Lead: UNIVR, Partners involved: UNIME, CHU Lille, INSERM-Lille

This is a multi-center (UNIVR, UNIME, CHU Lille) randomized controlled trial aiming at evaluating the effect of a selective intervention directed to parents of newborns. 1500 subjects will be recruited in both arms and evaluated with the "Childhood Obesity Risk Score" (COBRISC), thanks to anamnestic/clinical evaluations and molecular profiling (polygenic risk score) made at the child's birth. Participants of the intervention arm at the top tertile (33%) of the COBRISC, will access an intensive follow-up program (four visits/year on average, with anthropometric monitoring) at the local Obesity Tertiary Center. This will include educating parents on the appropriate diet, active lifestyle from the first year of life, regular self-monitoring of their child's anthropometry, appropriate dietary composition and portion control, as well as tailor-made nutritional suggestions. To ensure a patient-centred approach, the parents participating in the intensive follow-up program will annually give their feedback and suggestions by an anonymous online survey, whose results will be used to adapt interventions according to parents' requests, as possible and appropriate. The children of the intervention arm classified as not-at-risk will benefit from a "soft" intervention, consisting in the access to an educational website specially implemented with interactive tools for growth self-monitoring and diverse lifestyle suggestions. The children of the whole comparator arm will benefit from routine well visits from their general practitioner/paediatrician.

This is based on the following rationale that: (i) targeted approaches imply higher motivation and commitment for parents, more intense care for families and more effectiveness and cost-effectiveness, compared to traditional population-based interventions; and (ii) early preventive trials have not demonstrated durable effects after the end of the intervention (no cascade effect), while uninterrupted intervention and follow-up from infancy to late childhood have proved long lasting results.

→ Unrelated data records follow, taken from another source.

Lemma F2_addb (b1 b2 : bool) : ((b1 (+) b2)%:R : 'F_2) = b1%:R + b2%:R.
Proof. by case: b1; case: b2 => //; apply: val_inj. Qed.

Section QuadraticCharacter.
Variables (d : int) (m p : nat).
Hypotheses (p_pr : prime p) (p_odd : odd p) (p_dvd_f : (p %| m.+1)%N).
Local Notation mulR := (mulR d m).
Local Notation unit := (unitR d m).

Lemma normFp_toRes u : normFp d p (toRes m u) = (normO d u)%:~R.
Proof.
by apply: (Fp_intr_mod p_pr (M := m.+1)); [rewrite dvdzE !absz_nat | apply/normO_mod/ofRes_toRes].
Qed.

Lemma normFpM x y : normFp d p (mulR x y) = normFp d p x * normFp d p y.
Proof. by rewrite /mulR normFp_toRes normOM rmorphM. Qed.

Lemma normFp1 : normFp d p (oneR m) = 1.
Proof. by rewrite /oneR normFp_toRes normO1. Qed.

Lemma normFp_unit x : unit x -> normFp d p x != 0.
Proof.
case/unitRP => y xy; apply: contra_eq_neq normFp1 => Nx0.
by rewrite -xy normFpM Nx0 mul0r.
Qed.

Lemma chiM x y : unit x -> unit y -> chi d p (mulR x y) = chi d p x + chi d p y.
Proof.
move=> x_unit y_unit; rewrite /chi normFpM exprMn -F2_addb.
have N1_neq1 : -1 != 1 :> 'F_p := oppr1_neq1 (odd_card_Fp p_pr p_odd).
have [|] := Fp_euler p_pr p_odd (normFp_unit x_unit) => ->;
  have [|] := Fp_euler p_pr p_odd (normFp_unit y_unit) => ->;
  by rewrite ?mulr1 ?mul1r ?mulrNN ?eqxx ?(negbTE N1_neq1).
Qed.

The following end-points will be evaluated: Primary: overall percentage of children growing on an obesity trajectory at three years of age in the intervention compared to the comparator arm. Secondary: percentage of children growing on an obesity trajectory at three years of age in the at-risk group of the intervention arm compared to the at-risk group of the comparator arm; physical activity and sedentary behavior at 1.5 years of age (EY-PAQ questionnaire), responsive feeding (Infant Feeding Styles Questionnaire (IFSQ) at 1.5 years of age, and dietary composition at three years of age (dietary diary and food frequency questionnaire) in the at-risk group of the intervention arm compared to the at-risk group of the comparator arm. All the children will be measured at the tertiary centre, at one, two and three years of age, and afterwards at six and ten years of age.

All the intervention components will comply with the ESPGHAN Guidelines about infant feeding and complementary feeding, the Italian Consensus on Prevention and Treatment of Childhood Obesity, the Italian Reference Levels of Assumption of Nutrients and Energy, and the French Ministerial Recommendations about Nutrition and Physical Activity for infants and children.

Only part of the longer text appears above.